Вступительное слово от Андрея Коробова-Латынцева (аспирант кафедры Культурология факультета философии и психологии ВГУ. Предмет научных исследований: русская религиозная философия, Достоевский. На фото — слева). 

9dpPgEYb09w

«Записки неизвестного» — одна из самых самобытных на сегодняшний день  музыкальных групп. Невозможно отнести эту группу ни к одному из жанров, – это не рэп в точном смысле этого слова, это, скорее, авторская песня. Сами участники группы не слушают рэп и предпочитают ему классическую музыку. В творчестве «Записок Неизвестного» мы обнаружим и подлинный религиозный голод, и философские искания, и достоевсковский надрыв, и подлинную любовь, и гениальную боль за Россию. Всё это делает творчество ЗН не просто оригинальным на фоне прочих музыкальных групп, но это делает их, прежде всего, чрезвычайно важной частью нашей национальной рефлексии о духе времени, в котором мы живем».

Это текст я написал два года назад, когда «Записки» впервые приезжали в Воронеж. С тех пор он стал традиционной аннотацией к концертам группы и ни разу не потерял свою правдивость и актуальность.

Часть I. Злободневно-литературная

АК: Володя, рад тебя приветствовать! Давненько вы с Денисом не были в Воронеже. Много ли изменилось за эти два года? Я имею в виду, в вас самих, вы те же самые?

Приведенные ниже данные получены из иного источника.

Lemma is_succE chi p u y : is_realization chi p ->
  is_succ chi u y <-> y != u /\ hull_edge p u y.
Proof.
move=> Rp; split=> -[yu Hy]; split=> // z zu zy;
  have [_ Hz] := Rp u y z (uniq3 yu zu zy); apply/Hz; exact: Hy.
Qed.

Lemma is_predE chi p u y : is_realization chi p ->
  is_pred chi u y <-> y != u /\ hull_edge p y u.
Proof.
move=> Rp; have uniq_yu z : y != u -> z != u -> z != y -> uniq [:: y; u; z].
  by move=> yu zu zy; apply: uniq3; rewrite // eq_sym.
split=> -[yu Hy]; split=> // z.
  by move=> zy zu; have [_ <-] := Rp y u z (uniq_yu z yu zu zy); apply: Hy.
by move=> zu zy; have [_ ->] := Rp y u z (uniq_yu z yu zu zy); apply: Hy.
Qed.

Lemma hull_edge_prev p u y : (2 < #|E|)%N -> general_position p ->
  y != u -> hull_edge p u y -> exists2 w, w != u & hull_edge p w u.
Proof.
move=> E3 gp yu Huy; have [z0 [z0u z0y]] := exists_neq2 u y E3.
pose cross z := orient (p u) (p y) (p z).
pose dot z := ((p y).1 - (p u).1) * ((p z).1 - (p u).1)
            + ((p y).2 - (p u).2) * ((p z).2 - (p u).2).
have z0P : z0 \in [pred z | (z != u) && (z != y)] by rewrite inE z0u z0y.
(* [w] maximises the angle y u w, i.e. minimises its cotangent dot / cross. *)
case: (arg_minP (fun z => dot z / cross z) z0P) => w /andP[wu wy] w_min.
exists w => // z zw zu; have [->|zy] := eqVneq z y.
  by rewrite -orient_cycle; apply: Huy.
have cross_w : 0 < cross w by apply: Huy.
have cross_z : 0 < cross z by apply: Huy.
pose n := ((p y).1 - (p u).1) ^+ 2 + ((p y).2 - (p u).2) ^+ 2.
have n_gt0 : 0 < n.
  have lagrange : n * (((p z).1 - (p u).1) ^+ 2 + ((p z).2 - (p u).2) ^+ 2)
                  = dot z ^+ 2 + cross z ^+ 2.
    by rewrite /n /dot /cross /orient; ring.
  rewrite lt_def addr_ge0 ?sqr_ge0 // andbT; apply/eqP => n0.
  move: lagrange; rewrite n0 mul0r; nra.
have key : dot z * cross w - dot w * cross z = n * orient (p w) (p u) (p z).
  by rewrite /dot /cross /n /orient; ring.
have : dot w * cross z <= dot z * cross w.
  have := w_min z; rewrite /= zu zy => /(_ isT).
  by rewrite ler_pdivrMr // mulrAC ler_pdivlMr.
rewrite -subr_ge0 key pmulr_rge0 // le_eqVlt => /orP[/eqP o0|//].
have wuz : uniq [:: w; u; z] by apply: uniq3; rewrite // eq_sym.
by move: (gp w u z wuz); rewrite -o0 eqxx.
Qed.

Lemma hull_edge_next p u y : (2 < #|E|)%N -> general_position p ->
  y != u -> hull_edge p y u -> exists2 w, w != u & hull_edge p u w.
Proof.
move=> E3 gp yu Hyu.
pose q z := (- (p z).1, (p z).2).
have gq : general_position q.
  by move=> x y' z xyz; rewrite orient_mirror oppr_eq0; apply: gp.
have Huy : hull_edge q u y.
  by move=> z zu zy; rewrite orient_mirror -orient_swap; apply: Hyu.
have [w wu Hwu] := hull_edge_prev E3 gq yu Huy.
exists w => // z zu zw.
by have := Hwu z zw zu; rewrite orient_mirror orient_swap oppr_gt0 oppr_lt0.
Qed.

Lemma exists_hull_neighbours chi p u : (2 < #|E|)%N ->
  is_realization chi p -> extreme chi u ->
  exists a b, is_succ chi u a /\ is_pred chi u b.
Proof.
move=> E3 Rp [y [yu [c Hc]]].
have gp := realization_general_position Rp.
have [c1|c1] := eqVneq c 1.
  have Huy : hull_edge p u y.
    by move=> z zu zy; have [_ <-] := Rp u y z (uniq3 yu zu zy); rewrite Hc.
  have [w wu Hwu] := hull_edge_prev E3 gp yu Huy.
  by exists y, w; rewrite (is_succE _ _ Rp) (is_predE _ _ Rp).
have Hyu : hull_edge p y u.
  move=> z zy zu; have uyz := uniq3 yu zu zy.
  have [o0 Ho] := Rp u y z uyz; rewrite orient_swap oppr_gt0 lt_neqAle o0 leNgt.
  by apply: contra c1 => /Ho; rewrite Hc // => ->.
have [w wu Hwu] := hull_edge_next E3 gp yu Hyu.
by exists w, y; rewrite (is_succE _ _ Rp) (is_predE _ _ Rp).
Qed.

Lemma succ_unique chi p u a a' : is_realization chi p ->
  is_succ chi u a -> is_succ chi u a' -> a' = a.
Proof.
move=> Rp /(is_succE _ _ Rp)[au Ha] /(is_succE _ _ Rp)[a'u Ha'].
have [//|a'a] := eqVneq a' a; case: (orient_gt0_antisym (Ha a' a'u a'a)).
by rewrite -orient_cycle; apply: Ha'; rewrite // eq_sym.
Qed.

Lemma pred_unique chi p u b b' : is_realization chi p ->
  is_pred chi u b -> is_pred chi u b' -> b' = b.
Proof.
move=> Rp /(is_predE _ _ Rp)[bu Hb] /(is_predE _ _ Rp)[b'u Hb'].
have [//|b'b] := eqVneq b' b; have bb' : b != b' by rewrite eq_sym.
by case: (orient_gt0_antisym (Hb' b bb' bu)); rewrite orient_cycle; apply: Hb.
Qed.

Lemma succ_neq_pred chi p u a b : (2 < #|E|)%N -> is_realization chi p ->
  is_succ chi u a -> is_pred chi u b -> a != b.
Proof.
move=> E3 Rp /(is_succE _ _ Rp)[au Ha] /(is_predE _ _ Rp)[bu Hb].
apply/eqP => ab; have [z [zu za]] := exists_neq2 u a E3.
by case: (orient_gt0_antisym (Ha z zu za)); rewrite ab; apply: Hb; rewrite -?ab.
Qed.

End HullEdges.

Lemma realization_rescale (E : finType) (chi : E -> E -> E -> int)
    (p q : E -> RR * RR) :
  is_realization chi p ->
  (forall x y z, uniq [:: x; y; z] -> exists2 k : RR, 0 < k &
     orient (q x) (q y) (q z) = k * orient (p x) (p y) (p z)) ->
  is_realization chi q.
Proof.
move=> Rp Hq x y z xyz; have [k k_gt0 ->] := Hq x y z xyz.
have [o0 Ho] := Rp x y z xyz.
by rewrite pmulr_rgt0 // mulf_eq0 negb_or gt_eqF.
Qed.

(* Affine coordinates of [p] w.r.t. origin [A] and basis [B - A], [C - A],
   computed by Cramer's rule. *)
Definition frame (A B C p : RR * RR) : RR * RR :=
  (orient A p C / orient A B C, orient A B p / orient A B C).

Section Frame.
Variables A B C : RR * RR.
Hypothesis ABC : orient A B C != 0.

Lemma orient_frame p q r :
  orient (frame A B C p) (frame A B C q) (frame A B C r)
  = (orient A B C)^-1 * orient p q r.
Proof. by move: ABC; rewrite /frame /orient /= => ?; field. Qed.

Lemma frameA : frame A B C A = (0, 0).
Proof. by move: ABC; rewrite /frame /orient => ?; congr (_, _); field. Qed.

Lemma frameB : frame A B C B = (1, 0).
Proof. by move: ABC; rewrite /frame /orient => ?; congr (_, _); field. Qed.

Lemma frameC : frame A B C C = (0, 1).
Proof. by move: ABC; rewrite /frame /orient => ?; congr (_, _); field. Qed.

End Frame.

Lemma exists_normalized_realization (E : finType) (chi : E -> E -> E -> int)
    (p : E -> RR * RR) (u a b : E) :
  is_realization chi p -> is_succ chi u a -> is_pred chi u b -> a != b ->
  exists N : E -> RR * RR,
    [/\ is_realization chi N, N u = (0, 1), N a = (0, 0) & N b = (1, 0)].
Proof.
move=> Rp Sa Pb ab; have [au Ha] := (is_succE _ _ Rp).1 Sa.
have D_gt0 : 0 < orient (p a) (p b) (p u).
  by rewrite orient_cycle; apply: Ha; [case: Pb | rewrite eq_sym].
have D0 : orient (p a) (p b) (p u) != 0 by rewrite gt_eqF.
exists (frame (p a) (p b) (p u) \o p); split=> /=.
- apply: (realization_rescale Rp) => x y z _.
  by exists (orient (p a) (p b) (p u))^-1; rewrite ?invr_gt0 ?orient_frame.
- exact: frameC.
- exact: frameA.
- exact: frameB.
Qed.

Definition squeeze_den (lam : RR) (p : RR * RR) : RR := 1 - p.2 + lam * p.2.

(* The planar homology with centre (0, 1), axis the x-axis and ratio [lam]:
   each point moves along its line through (0, 1) towards the x-axis. *)
Definition squeeze (lam : RR) (p : RR * RR) : RR * RR :=
  (p.1 / squeeze_den lam p, lam * p.2 / squeeze_den lam p).

Section Squeeze.
Variable lam : RR.
Hypothesis lam01 : 0 < lam <= 1.

Lemma squeeze_den_gt0 p : p.2 <= 1 -> 0 < squeeze_den lam p.
Proof. by case/andP: lam01; rewrite /squeeze_den; nra. Qed.

Lemma squeeze_den_le p : squeeze_den lam p <= 1 + `|p.2|.
Proof. by case/andP: lam01; rewrite /squeeze_den; case: (ger0P p.2); nra. Qed.

Lemma orient_squeeze p q r : p.2 <= 1 -> q.2 <= 1 -> r.2 <= 1 ->
  orient (squeeze lam p) (squeeze lam q) (squeeze lam r)
  = lam / (squeeze_den lam p * squeeze_den lam q * squeeze_den lam r)
    * orient p q r.
Proof.
move=> /squeeze_den_gt0 + /squeeze_den_gt0 + /squeeze_den_gt0.
rewrite /squeeze /squeeze_den /orient /= => ? ? ?; field; rewrite !gt_eqF //.
Qed.

Lemma squeeze_x_axis x : squeeze lam (x, 0) = (x, 0).
Proof. by rewrite /squeeze /squeeze_den /= !(subr0, mulr0, addr0, divr1, mul0r). Qed.

Lemma squeeze_apex : squeeze lam (0, 1) = (0, 1).
Proof.
case/andP: lam01 => lam_gt0 _.
by rewrite /squeeze /squeeze_den /= subrr add0r mul0r mulr1 divff ?gt_eqF.
Qed.

Lemma squeeze_x_ge p : p.2 <= 1 -> 0 <= p.1 ->
  p.1 / (1 + `|p.2|) <= (squeeze lam p).1.
Proof.
move=> /squeeze_den_gt0 den_gt0 x_ge0; have den_le := squeeze_den_le p.
by rewrite /= ler_wpM2l // lef_pV2 ?posrE // (lt_le_trans den_gt0 den_le).
Qed.

Lemma squeeze_y_le d p : p.2 < 1 ->
  lam * (1 + `|p.2|) ^+ 2 <= d * (1 - p.2) -> `|(squeeze lam p).2| <= d.
Proof.
move=> y_lt1 H; have den_gt0 := squeeze_den_gt0 (ltW y_lt1).
have den_ge : 1 - p.2 <= squeeze_den lam p * (1 + `|p.2|).
  by case/andP: lam01; rewrite /squeeze_den; case: (ger0P p.2); nra.
rewrite /= normf_div (gtr0_norm den_gt0) ler_pdivrMr // normrM.
case/andP: lam01 => lam_gt0 _; rewrite (gtr0_norm lam_gt0).
have s_gt0 : 0 < 1 + `|p.2| by rewrite ltr_pwDl.
have d_gt0 : 0 < d.
  have : 0 < lam * (1 + `|p.2|) ^+ 2 by rewrite mulr_gt0 ?exprn_gt0.
  by move/lt_le_trans/(_ H); rewrite pmulr_lgt0 // subr_gt0.
have : lam * (1 + `|p.2|) <= d * squeeze_den lam p.
  rewrite -(ler_pM2r s_gt0) -mulrA -expr2 -mulrA (le_trans H) //.
  by rewrite ler_pM2l.
lra.
Qed.

Lemma squeeze_slope d p q : p.2 <= 1 -> q.2 <= 1 -> 0 <= d ->
  orient (0, 1) p q != 0 ->
  2 * lam * `|p.1 * q.2 - p.2 * q.1| <= `|orient (0, 1) p q| ->
  2 * lam * `|q.2 - p.2| <= d * `|orient (0, 1) p q| ->
  (squeeze lam p).1 != (squeeze lam q).1 /\
  `|((squeeze lam q).2 - (squeeze lam p).2)
    / ((squeeze lam q).1 - (squeeze lam p).1)| <= d.
Proof.
move=> /squeeze_den_gt0 wp_gt0 /squeeze_den_gt0 wq_gt0 d_ge0 o0.
set o := orient _ p q; set mu := p.1 * q.2 - p.2 * q.1 => mu_small dy_small.
case/andP: lam01 => lam_gt0 _.
set D := squeeze_den lam p * squeeze_den lam q.
have D0 : D != 0 by rewrite mulf_neq0 ?gt_eqF.
have dX : (squeeze lam q).1 - (squeeze lam p).1 = (o - lam * mu) / D.
  move: wp_gt0 wq_gt0; rewrite /D /o /mu /orient /squeeze /squeeze_den /= => ? ?.
  by field; rewrite !gt_eqF.
have dY : (squeeze lam q).2 - (squeeze lam p).2 = lam * (q.2 - p.2) / D.
  move: wp_gt0 wq_gt0; rewrite /D /squeeze /squeeze_den /= => ? ?.
  by field; rewrite !gt_eqF.
have o_le : `|o| <= 2 * `|o - lam * mu|.
  have := ler_normD (o - lam * mu) (lam * mu).
  by rewrite subrK normrM (gtr0_norm lam_gt0); lra.
have olm0 : o - lam * mu != 0.
  by rewrite -normr_gt0; move: o0; rewrite -normr_gt0; lra.
split; first by rewrite eq_sym -subr_eq0 dX mulf_neq0 ?invr_eq0.
rewrite dX dY; have -> : (lam * (q.2 - p.2) / D) / ((o - lam * mu) / D)
                       = lam * (q.2 - p.2) / (o - lam * mu).
  by field; rewrite olm0 D0.
rewrite normf_div ler_pdivrMr ?normr_gt0 // normrM (gtr0_norm lam_gt0).
have := ler_wpM2l d_ge0 o_le; lra.
Qed.

End Squeeze.

Lemma x_le1_of_flat_slope (q : RR * RR) : 0 < orient (1, 0) (0, 1) q ->
  `|(q.2 - 0) / (q.1 - 1)| <= 1 -> q.1 <= 1.
Proof.
rewrite /orient /= => o_gt0 slope; rewrite leNgt; apply/negP => q1_gt1.
move: slope; rewrite subr0 normf_div (gtr0_norm (_ : 0 < q.1 - 1)) ?subr_gt0 //.
rewrite ler_pdivrMr ?subr_gt0 // mul1r => y_le.
have := ler_norm (- q.2); rewrite normrN; lra.
Qed.

Section NormalizedRealization.
Variables (E : finType) (chi : E -> E -> E -> int) (u a b : E).
Variable N : E -> RR * RR.
Hypotheses (RN : is_realization chi N) (Sa : is_succ chi u a)
  (Pb : is_pred chi u b).
Hypotheses (Nu : N u = (0, 1)) (Na : N a = (0, 0)) (Nb : N b = (1, 0)).

Lemma normalized_x_gt0 z : z != u -> z != a -> 0 < (N z).1.
Proof.
have [_ Ha] := (is_succE _ _ RN).1 Sa.
by move=> zu za; have := Ha z zu za; rewrite Nu Na /orient /=; lra.
Qed.

Lemma normalized_below_diag z : z != u -> z != b -> (N z).1 + (N z).2 < 1.
Proof.
have [_ Hb] := (is_predE _ _ RN).1 Pb.
by move=> zu zb; have := Hb z zb zu; rewrite Nu Nb /orient /=; lra.
Qed.

Lemma normalized_y_lt1 z : z != u -> (N z).2 < 1.
Proof.
move=> zu; have [->|zb] := eqVneq z b; first by rewrite Nb /=; lra.
have [->|za] := eqVneq z a; first by rewrite Na /=; lra.
have := normalized_x_gt0 zu za; have := normalized_below_diag zu zb; lra.
Qed.

Lemma normalized_y_le1 z : (N z).2 <= 1.
Proof.
by have [->|/normalized_y_lt1/ltW //] := eqVneq z u; rewrite Nu.
Qed.

Lemma normalized_general_position x y : x != u -> y != u -> x != y ->
  orient (0, 1) (N x) (N y) != 0.
Proof.
move=> xu yu xy; rewrite -Nu; apply: realization_general_position RN _ _ _ _.
by apply: uniq3; rewrite // eq_sym.
Qed.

Владимир Журавль: Нет, мы уже не те, по крайне мере, я. Два года – чрезвычайно большой отрезок времени. Лично у меня за это время произошли серьёзные изменения, как в личной, так и в творческой жизни! На многие предметы я стал смотреть под иным градусом. Всё-таки моя третья декада подходит к концу, — и переосмысление – это нормальный процесс.

olY0t_rho0sАК: Как реагируешь на изменения вокруг? Культурные, политические, геополитические…

ВЖ: Реагирую. Очень обеспокоен происходящим. Ежедневно обсуждаем на нашей с Денисом театральной студии насущные вопросы. Но мы не производим песни на станке злободневных вопросов. Все наши переживания, так или иначе, отражаются в нашем творчестве, но мы не умеем и не хотим рифмовать ежедневность, накладывая её на бит.

А вообще, иногда хочется уйти в лес, потому что весь этот геополитическим шум страшно действует на нервы.

АК: Александр Сергеевич Пушкин написал «Клеветникам России» по конкретному геополитическому поводу – после выступления некоторых французских депутатов с призывом выступить против русской армии. Но, тем не менее, стихотворение нельзя назвать только лишь злободневным, в нем все-таки ухватывается и некая вечная ситуация. Можно ли так сказать о вашей последней песне «Земля»?

ВЖ: «Клеветникам России» — это стихи, которые имеют глубокий исторический контекст, или я бы даже сказал метафизический:

От потрясенного Кремля

До стен недвижного Китая,

Стальной щетиною сверкая,

Не встанет русская земля?..

Так высылайте ж к нам, витии,

Своих озлобленных сынов:

Есть место им в полях России,

Среди нечуждых им гробов.

Да, «Земля» где-то, чем-то пахнет тем же.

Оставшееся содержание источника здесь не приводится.